**Your objective**
Please copy the leading lines of the entries below exactly, concluding with the line in which "Hypothesis hsub : forall" occurs.
---------- Extracted information ----------
Section DyadicChain.
Variables (l : seq (set T -> R)) (E : set T) (h : set T -> set T).
Hypothesis hl : forall m, List.In m l -> nonatomic_rmeasure m.
Hypothesis mE : measurable E.
Hypothesis mh : forall A, measurable A -> measurable (h A).
Hypothesis hsub : forall A, h A `<=` A.
Hypothesis hhalf : forall m A, List.In m l -> measurable A -> m (h A) = m A / 2.

(* [dyadic_set n k] is the union of the first [k] of the [2 ^ n] pieces into
   which [n] rounds of bisection by [h] cut [E]. *)
Fixpoint dyadic_set (n k : nat) : set T :=
  if n is n'.+1 then
    let A := dyadic_set n' k./2 in
    if odd k then A `|` h (dyadic_set n' k./2.+1 `\` A) else A
  else if k is 0 then set0 else E.

Lemma dyadic_set0 n : dyadic_set n 0 = set0.
Proof. by elim: n. Qed.

Lemma dyadic_set_double n k : dyadic_set n.+1 k.*2 = dyadic_set n k.
Proof. by rewrite /= odd_double doubleK. Qed.

Lemma dyadic_set_doubleS n k : dyadic_set n.+1 k.*2.+1 =
  dyadic_set n k `|` h (dyadic_set n k.+1 `\` dyadic_set n k).
Proof. by rewrite /= odd_double /= uphalf_double. Qed.

Lemma measurable_dyadic_set n k : measurable (dyadic_set n k).
Proof.
elim: n k => [[|k]|n IH k] //=; case: ifP => // _.
by apply: measurableU => //; apply/mh/measurableD.
Qed.

Lemma dyadic_set_sub n k : dyadic_set n k `<=` E.
Proof.
elim: n k => [[|k]|n IH k] //=; case: ifP => // _.
by rewrite subUset; split => [x /IH | x /hsub[/IH]].
Qed.

Lemma dyadic_setS n k : dyadic_set n k `<=` dyadic_set n k.+1.
Proof.
elim: n k => [[|k]|n IH k] //=; rewrite uphalf_half.
case: (odd k) => /=; last by apply: subsetUl.
by rewrite subUset; split => [|x /hsub[]//]; apply: IH.
Qed.

Lemma le_dyadic_set n : {homo dyadic_set n : j k / (j <= k)%N >-> j `<=` k}.
Proof.
apply: homo_leq => [A|B A C AB BC|]; first exact: subset_refl.
  exact: subset_trans AB BC.
exact: dyadic_setS.
Qed.

Lemma rmeasure_dyadic_set m n k : List.In m l -> (k <= 2 ^ n)%N ->
  m (dyadic_set n k) = k%:R / 2 ^+ n * m E.
Proof.
move=> lm; have hm := hl lm; elim: n k => [|n IH] k.
  by case: k => [|[|]] //= _; rewrite ?rmeasure0 ?mul0r ?divr1 ?mul1r.
have h2 : (2 ^+ n.+1 : R) = 2 * 2 ^+ n by rewrite exprS.
have n2 : (2 ^+ n : R) != 0 by rewrite expf_neq0.
rewrite -(odd_double_half k) expnS mul2n; case: (odd k); set j := k./2.
all: rewrite ?add1n ?add0n => kn.
- have jn : (j < 2 ^ n)%N by rewrite -ltn_double; apply: leq_trans kn.
  have mj := measurable_dyadic_set n j; have mjS := measurable_dyadic_set n j.+1.
  have mD := measurableD mjS mj.
  rewrite dyadic_set_doubleS (rmeasureU hm) //; last 2 first.
  + exact: mh.
  + by apply/disjoints_subset => x Ax /hsub[].
  rewrite (hhalf lm) // (rmeasureD hm) // ?IH ?(ltnW jn) //; last exact: dyadic_setS.
  by rewrite h2 -addn1 -addnn !natrD; field.
- rewrite dyadic_set_double IH; last by rewrite -leq_double.
  by rewrite h2 -addnn natrD; field.
Qed.
(* Let $\lambda$ be a nonzero real number and let $n,r$ be positive integers. Then $$\sum_{k=1}^{n}(-1)^{k}H_{k,\lambda}^{(r)}\,k!\,S_{2,\lambda}(n,k)=(-1)^{n}\langle r\rangle_{n-1,\lambda}\,n.$$ In particular, for $r=1$ (provided $\langle 1\rangle_{n-1,\lambda}\neq 0$), $$\frac{1}{\langle 1\rangle_{n-1,\lambda}}\sum_{k=1}^{n}(-1)^{n-k}H_{k,\lambda}\,k!\,S_{2,\lambda}(n,k)=n.$$
   Context: For real $x$ and integer $k\ge0$: $(x)_{0,\lambda}=1$, $(x)_{k,\lambda}=x(x-\lambda)\cdots(x-(k-1)\lambda)$; $\langle x\rangle_{0,\lambda}=1$, $\langle x\rangle_{k,\lambda}=x(x+\lambda)\cdots(x+(k-1)\lambda)$; $(x)_0=1$, $(x)_k=x(x-1)\cdots(x-k+1)$. The degenerate Stirling numbers of the second kind $S_{2,\lambda}(n,k)$ are defined by $(x)_{n,\lambda}=\sum_{k=0}^{n}S_{2,\lambda}(n,k)(x)_{k}$ for $n\ge0$; equivalently $\frac{1}{k!}(e_\lambda(t)-1)^k=\sum_{n\ge k}S_{2,\lambda}(n,k)\frac{t^n}{n!}$, where $e_\lambda(t)=\sum_{k\ge0}(1)_{k,\lambda}t^k/k!=(1+\lambda t)^{1/\lambda}$. The degenerate harmonic numbers are $H_{0,\lambda}=0$, $H_{n,\lambda}=\sum_{k=1}^{n}\frac{1}{\lambda}\binom{\lambda}{k}(-1)^{k-1}$ for $n\ge1$; the degenerate hyperharmonic numbers are $H_{n,\lambda}^{(1)}=H_{n,\lambda}$ and $H_{n,\lambda}^{(r)}=\sum_{k=1}^{n}H_{k,\lambda}^{(r-1)}$ for $r\ge2$. *)

From HB Require Import structures.
From mathcomp Require Import all_boot all_order all_algebra.
Set Implicit Arguments. Unset Strict Implicit. Unset Printing Implicit Defensive.
Import Order.TTheory GRing.Theory Num.Theory.
Local Open Scope ring_scope.

Section DegDefs.
Variable R : realFieldType.

Definition dfall (x lam : R) (k : nat) : R := \prod_(i < k) (x - i%:R * lam).
Definition drise (x lam : R) (k : nat) : R := \prod_(i < k) (x + i%:R * lam).
Definition ffall (x : R) (k : nat) : R := \prod_(i < k) (x - i%:R).

(* e_lambda(t) - 1, truncated at degree n: sum_{1<=j<=n} (1)_{j,lam} t^j / j! *)
Definition elam_m1_trunc (lam : R) (n : nat) : {poly R} :=
  \poly_(j < n.+1) (if j == 0%N then 0 else dfall 1 lam j / (j`!)%:R).

(* degenerate Stirling numbers of the second kind, via the exponential
   generating function  (1/k!) (e_lam(t) - 1)^k = sum_n S2(n,k) t^n/n!
   (the truncation at degree n does not affect the coefficient of t^n). *)
Definition S2lam (lam : R) (n k : nat) : R :=
  (n`!)%:R / (k`!)%:R * ((elam_m1_trunc lam n) ^+ k)`_n.

Definition gbinom (x : R) (k : nat) : R := ffall x k / (k`!)%:R.

Definition Hlam (lam : R) (n : nat) : R :=
  \sum_(1 <= k < n.+1) lam^-1 * gbinom lam k * (-1) ^+ k.-1.

(* degenerate hyperharmonic numbers H^{(r)}_{n,lam}, r >= 1
   (the value at r = 0 is a junk value equal to H_{n,lam}) *)
Fixpoint Hhyp (lam : R) (r n : nat) : R :=
  match r with
  | 0%N => Hlam lam n
  | r'.+1 => if r' is 0%N then Hlam lam n
             else \sum_(1 <= k < n.+1) Hhyp lam r' k
  end.

End DegDefs.

From mathcomp Require Import all_boot all_algebra ring zify.
Set Implicit Arguments.
Unset Strict Implicit.
Unset Printing Implicit Defensive.

Import GRing.Theory Num.Theory.
Local Open Scope ring_scope.

(* The degenerate Stirling numbers obey the triangular recurrence
   S(m+1,k+1) = S(m,k) + (k+1 - lam m) S(m,k+1), which comes from the
   differential equation (1 + lam t) e_lam'(t) = e_lam(t); by induction on m it
   gives the expansion (x)_{m,lam} = sum_k S(m,k) (x)_k.  On the other side the
   degenerate hyperharmonic numbers have the closed form
   H^(r)_{k,lam} = lam^-1 (C(r+k-1,k) - C(r-lam+k-1,k)), i.e.
   (-1)^k k! H^(r)_{k,lam} = lam^-1 ((-r)_k - (lam-r)_k).  Summing against
   S(n,k) therefore gives lam^-1 ((-r)_{n,lam} - (lam-r)_{n,lam}), and the two
   degenerate falling factorials share the factor (-r)_{n-1,lam}. *)

Section FactorialProducts.
Variable R : realFieldType.
Implicit Types (x l : R) (k : nat).

Lemma natrS_neq0 k : k.+1%:R != 0 :> R.
Proof. by rewrite pnatr_eq0. Qed.

Lemma natr_fact_neq0 k : k`!%:R != 0 :> R.
Proof. by rewrite pnatr_eq0 -lt0n fact_gt0. Qed.

Lemma dfallS x l k : dfall x l k.+1 = dfall x l k * (x - k%:R * l).
Proof. by rewrite /dfall big_ord_recr. Qed.

Lemma dfallSl x l k : dfall x l k.+1 = x * dfall (x - l) l k.
Proof.
rewrite /dfall big_ord_recl /= mul0r subr0; congr (_ * _).
by apply: eq_bigr => i _; rewrite /= -natr1; ring.
Qed.

Lemma driseS x l k : drise x l k.+1 = drise x l k * (x + k%:R * l).
Proof. by rewrite /drise big_ord_recr. Qed.

Lemma driseSl x l k : drise x l k.+1 = x * drise (x + l) l k.
Proof.
rewrite /drise big_ord_recl /= mul0r addr0; congr (_ * _).
by apply: eq_bigr => i _; rewrite /= -natr1; ring.
Qed.

Lemma ffall_dfall x k : ffall x k = dfall x 1 k.
Proof. by apply: eq_bigr => i _; rewrite mulr1. Qed.

Lemma ffallS x k : ffall x k.+1 = ffall x k * (x - k%:R).
Proof. by rewrite !ffall_dfall dfallS mulr1. Qed.

Lemma dfallN x l k : dfall (- x) l k = (-1) ^+ k * drise x l k.
Proof.
elim: k => [|k IHk]; first by rewrite /dfall /drise !big_ord0 mulr1.
by rewrite dfallS driseS IHk exprS; ring.
Qed.

Lemma drise1_fact k : drise 1 1 k = k`!%:R :> R.
Proof.
elim: k => [|k IHk]; first by rewrite /drise big_ord0.
by rewrite driseS IHk mulr1 addrC natr1 factS natrM mulrC.
Qed.

Lemma dfall_diff_shift l x n : l != 0 ->
  l^-1 * (dfall (- x) l n.+1 - dfall (l - x) l n.+1)
  = (-1) ^+ n.+1 * drise x l n * n.+1%:R.
Proof.
move=> l0; rewrite dfallS dfallSl (_ : l - x - l = - x); last by ring.
by rewrite dfallN exprS -natr1; field.
Qed.

End FactorialProducts.

(* [field] states its side conditions with [n.+1%:R] and [n.+2%:R] normalised
   to [1 + n%:R] and [2 + n%:R]. *)
Ltac field_natr :=
  field; rewrite ?nat1r -?natrD ?natrS_neq0 ?natr_fact_neq0 /=.

Section PolyCoefficients.
Variable R : nzRingType.
Implicit Types p q s : {poly R}.

Lemma coefMl_eq_upto p q s m : (forall i, (i <= m)%N -> p`_i = q`_i) ->
  (p * s)`_m = (q * s)`_m.
Proof. by move=> pq; rewrite !coefM; apply: eq_bigr => j _; rewrite pq // -ltnS. Qed.

Lemma coef_1DZX_deriv (a : R) p m :
  ((1 + a *: 'X) * p^`())`_m = p`_m.+1 *+ m.+1 + a * (p`_m *+ m).
Proof.
rewrite mulrDl mul1r -scalerAl coefD coefZ coefXM !coef_deriv.
by case: m => [|m] //=; rewrite mulr0n.
Qed.

Lemma coef_exp_eq_upto p q m : (forall i, (i <= m)%N -> p`_i = q`_i) ->
  forall k, (p ^+ k)`_m = (q ^+ k)`_m.
Proof.
move=> pq k; elim: k m pq => [|k IHk] m pq; first by rewrite !expr0.
rewrite !exprS !coefM; apply: eq_bigr => [[j /= ltjm]] _.
by rewrite pq ?IHk // => i lei; apply: pq; lia.
Qed.

Lemma coef_exp_lt p k i : p`_0 = 0 -> (i < k)%N -> (p ^+ k)`_i = 0.
Proof.
move=> p0; elim: k i => [|k IHk] i ltik //.
rewrite exprS coefM big1 // => [[[|j] ltji]] _ /=; first by rewrite p0 mul0r.
by rewrite IHk ?mulr0 //; lia.
Qed.

End PolyCoefficients.

Section DegenerateStirling.
Variable R : realFieldType.
Variable lam : R.
Notation E N := (elam_m1_trunc lam N).

Lemma coef_elam_m1_trunc N j :
  (E N)`_j = if (0 < j <= N)%N then dfall 1 lam j / j`!%:R else 0.
Proof. by rewrite coef_poly ltnS; case: j. Qed.

Lemma coef0_elam_m1_trunc N : (E N)`_0 = 0.
Proof. by rewrite coef_elam_m1_trunc. Qed.

(* the differential equation (1 + lam t) e_lam'(t) = e_lam(t), below the
   truncation degree *)
Lemma elam_m1_trunc_ode N j : (j < N)%N ->
  ((1 + lam *: 'X) * (E N)^`())`_j = (1 + E N)`_j.
Proof.
move=> ltjN; rewrite coef_1DZX_deriv coefD coef1 !coef_elam_m1_trunc ltjN.
case: j ltjN => [|j] ltjN.
  by rewrite /dfall big_ord1 /= mul0r subr0 mulr0 !addr0 divr1.
by rewrite /= (ltnW ltjN) add0r dfallS factS natrM; field_natr.
Qed.

Lemma coef_exp_elam_m1_trunc N m k : (m < N)%N ->
  ((E N) ^+ k.+1)`_m.+1 *+ m.+1 + lam * (((E N) ^+ k.+1)`_m *+ m)
  = (((E N) ^+ k)`_m + ((E N) ^+ k.+1)`_m) *+ k.+1.
Proof.
move=> ltmN; rewrite -coef_1DZX_deriv deriv_exp mulrnAr coefMn mulrA.
rewrite (@coefMl_eq_upto _ _ (1 + E N)) => [|i leim]; last first.
  by apply: elam_m1_trunc_ode; lia.
by rewrite mulrDl mul1r -exprS coefD.
Qed.

Lemma S2lam_trunc N m k : (m <= N)%N ->
  S2lam lam m k = m`!%:R / k`!%:R * ((E N) ^+ k)`_m.
Proof.
move=> lemN; rewrite /S2lam (@coef_exp_eq_upto _ _ (E N)) // => i leim.
by rewrite !coef_elam_m1_trunc leim (leq_trans leim lemN).
Qed.

Lemma S2lamS m k :
  S2lam lam m.+1 k.+1 = S2lam lam m k + (k.+1%:R - lam * m%:R) * S2lam lam m k.+1.
Proof.
rewrite !(@S2lam_trunc m.+1) //.
have := @coef_exp_elam_m1_trunc m.+1 m k (ltnSn m).
set a := (E m.+1 ^+ k.+1)`_m.+1; set b := (E m.+1 ^+ k)`_m.
set c := (E m.+1 ^+ k.+1)`_m.
rewrite !factS !natrM => rec.
have -> : a = ((b + c) *+ k.+1 - lam * (c *+ m)) / m.+1%:R.
  by rewrite -rec; field_natr.
by field_natr.
Qed.

Lemma S2lam00 : S2lam lam 0 0 = 1.
Proof. by rewrite /S2lam expr0 coef1 divr1 mulr1. Qed.

Lemma S2lamS0 m : S2lam lam m.+1 0 = 0.
Proof. by rewrite /S2lam expr0 coef1 mulr0. Qed.

Lemma S2lam_gt m k : (m < k)%N -> S2lam lam m k = 0.
Proof. by move=> ltmk; rewrite /S2lam coef_exp_lt ?mulr0 ?coef0_elam_m1_trunc. Qed.

Lemma dfall_S2lam x m :
  \sum_(0 <= k < m.+1) S2lam lam m k * ffall x k = dfall x lam m.
Proof.
elim: m => [|m IHm].
  by rewrite big_nat1 S2lam00 /ffall /dfall !big_ord0 mulr1.
pose g k := (k%:R - lam * m%:R) * S2lam lam m k * ffall x k.
have g0 : g 0%N = 0.
  by rewrite /g; case: (m) => [|m']; rewrite ?S2lamS0 ?mulr0 ?subrr ?mul0r.
have gSm : g m.+1 = 0 by rewrite /g S2lam_gt ?mulr0 ?mul0r.
have shift_g : \sum_(0 <= k < m.+1) g k.+1 = \sum_(0 <= k < m.+1) g k.
  by rewrite -[LHS]add0r -{1}g0 -big_nat_recl // big_nat_recr //= gSm addr0.
rewrite big_nat_recl // S2lamS0 mul0r add0r.
transitivity (\sum_(0 <= k < m.+1)
                (S2lam lam m k * ffall x k * (x - k%:R) + g k.+1)).
  by apply: eq_big_nat => k _; rewrite /g /= S2lamS ffallS; ring.
rewrite big_split /= shift_g -big_split /=.
rewrite (eq_bigr (fun k => S2lam lam m k * ffall x k * (x - lam * m%:R))).
  by rewrite -mulr_suml IHm dfallS [lam * _]mulrC.
by move=> k _; rewrite /g /=; ring.
Qed.

End DegenerateStirling.

Section DegenerateHarmonic.
Variable R : realFieldType.
Implicit Types (x : R) (k : nat).

(* rbinom x k is the binomial coefficient C(x + k - 1, k) *)
Definition rbinom x k := drise x 1 k / k`!%:R.

Lemma rbinom0 x : rbinom x 0 = 1.
Proof. by rewrite /rbinom /drise big_ord0 divr1. Qed.

Lemma rbinomS x k : rbinom x k.+1 = rbinom x k * (x + k%:R) / k.+1%:R.
Proof. by rewrite /rbinom driseS mulr1 factS natrM; field_natr. Qed.

Lemma rbinomD1S x k : rbinom (x + 1) k.+1 = rbinom (x + 1) k + rbinom x k.+1.
Proof.
rewrite /rbinom (driseS (x + 1)) (driseSl x) factS natrM mulr1.
by field_natr.
Qed.

Lemma sum_rbinom x k : \sum_(1 <= j < k.+1) rbinom x j = rbinom (x + 1) k - 1.
Proof.
elim: k => [|k IHk]; first by rewrite big_geq // rbinom0 subrr.
by rewrite big_nat_recr //= IHk rbinomD1S; ring.
Qed.

Lemma rbinom1 k : rbinom 1 k = 1.
Proof. by rewrite /rbinom drise1_fact divff ?natr_fact_neq0. Qed.

Lemma ffallN_rbinom x k : ffall (- x) k = (-1) ^+ k * k`!%:R * rbinom x k.
Proof. by rewrite /rbinom ffall_dfall dfallN; field_natr. Qed.

Lemma gbinom_rbinom l k :
  gbinom l k.+1 * (-1) ^+ k = l * rbinom (1 - l) k / k.+1%:R.
Proof.
rewrite /gbinom ffall_dfall dfallSl -ffall_dfall -(opprB 1 l) ffallN_rbinom.
rewrite factS natrM.
transitivity (l * rbinom (1 - l) k / k.+1%:R * ((-1) ^+ k) ^+ 2).
  by field_natr.
by rewrite sqrr_sign mulr1.
Qed.

Variable lam : R.
Hypothesis lam0 : lam != 0.

Lemma Hlam_rbinom k : Hlam lam k = lam^-1 * (rbinom 1 k - rbinom (1 - lam) k).
Proof.
elim: k => [|k IHk]; first by rewrite /Hlam big_geq // !rbinom0 subrr mulr0.
rewrite /Hlam big_nat_recr //= -/(Hlam lam k) IHk -mulrA gbinom_rbinom.
by rewrite !rbinom1 rbinomS; field_natr.
Qed.

Lemma Hhyp_rbinom r k :
  Hhyp lam r.+1 k = lam^-1 * (rbinom r.+1%:R k - rbinom (r.+1%:R - lam) k).
Proof.
elim: r k => [|r IHr] k; first exact: Hlam_rbinom.
have -> : Hhyp lam r.+2 k = \sum_(1 <= j < k.+1) Hhyp lam r.+1 j by [].
under eq_bigr do rewrite IHr.
rewrite -mulr_sumr sumrB !sum_rbinom [r.+1%:R - lam + 1]addrAC natr1.
by ring.
Qed.

Lemma signed_Hhyp r k : (-1) ^+ k * Hhyp lam r.+1 k * k`!%:R
  = lam^-1 * (ffall (- r.+1%:R) k - ffall (lam - r.+1%:R) k).
Proof.
by rewrite Hhyp_rbinom -(opprB r.+1%:R lam) !ffallN_rbinom; field_natr.
Qed.

Lemma sum_signed_Hhyp_S2lam n r :
  \sum_(1 <= k < n.+2) (-1) ^+ k * Hhyp lam r.+1 k * k`!%:R * S2lam lam n.+1 k
  = (-1) ^+ n.+1 * drise r.+1%:R lam n * n.+1%:R.
Proof.
set x := r.+1%:R.
pose G k := lam^-1 * (S2lam lam n.+1 k * ffall (- x) k
                      - S2lam lam n.+1 k * ffall (lam - x) k).
transitivity (\sum_(0 <= k < n.+2) G k).
  rewrite [RHS]big_ltn // {1}/G S2lamS0 !mul0r subrr mulr0 add0r.
  by apply: eq_big_nat => k _; rewrite signed_Hhyp /G; ring.
by rewrite -mulr_sumr sumrB !dfall_S2lam dfall_diff_shift.
Qed.

End DegenerateHarmonic.

Theorem theorem2 (R : realFieldType) (lam : R) (n r : nat) :
  lam != 0 -> (0 < n)%N -> (0 < r)%N ->
  (\sum_(1 <= k < n.+1) (-1) ^+ k * Hhyp lam r k * (k`!)%:R * S2lam lam n k
     = (-1) ^+ n * drise r%:R lam n.-1 * n%:R)
  /\
  (drise 1 lam n.-1 != 0 ->
     (drise 1 lam n.-1)^-1 *
       \sum_(1 <= k < n.+1) (-1) ^+ (n - k) * Hlam lam k * (k`!)%:R * S2lam lam n k
     = n%:R).
Proof.
move=> lam0; case: n => // n _; case: r => // r _.
split=> [|drise_neq0]; first exact: sum_signed_Hhyp_S2lam.
rewrite (eq_big_nat _ _ (F2 := fun k => (-1) ^+ n.+1 *
    ((-1) ^+ k * Hhyp lam 1 k * k`!%:R * S2lam lam n.+1 k))); last first.
  by move=> k /andP[_ lekn]; rewrite exprB ?unitrN1 // invr_sign /=; ring.
rewrite -mulr_sumr sum_signed_Hhyp_S2lam // mulr1n.
by rewrite -!mulrA signrMK mulKf.
Qed.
----------
**Solved problem**
Section DyadicChain.
Variables (l : seq (set T -> R)) (E : set T) (h : set T -> set T).
Hypothesis hl : forall m, List.In m l -> nonatomic_rmeasure m.
Hypothesis mE : measurable E.
Hypothesis mh : forall A, measurable A -> measurable (h A).
Hypothesis hsub : forall A, h A `<=` A.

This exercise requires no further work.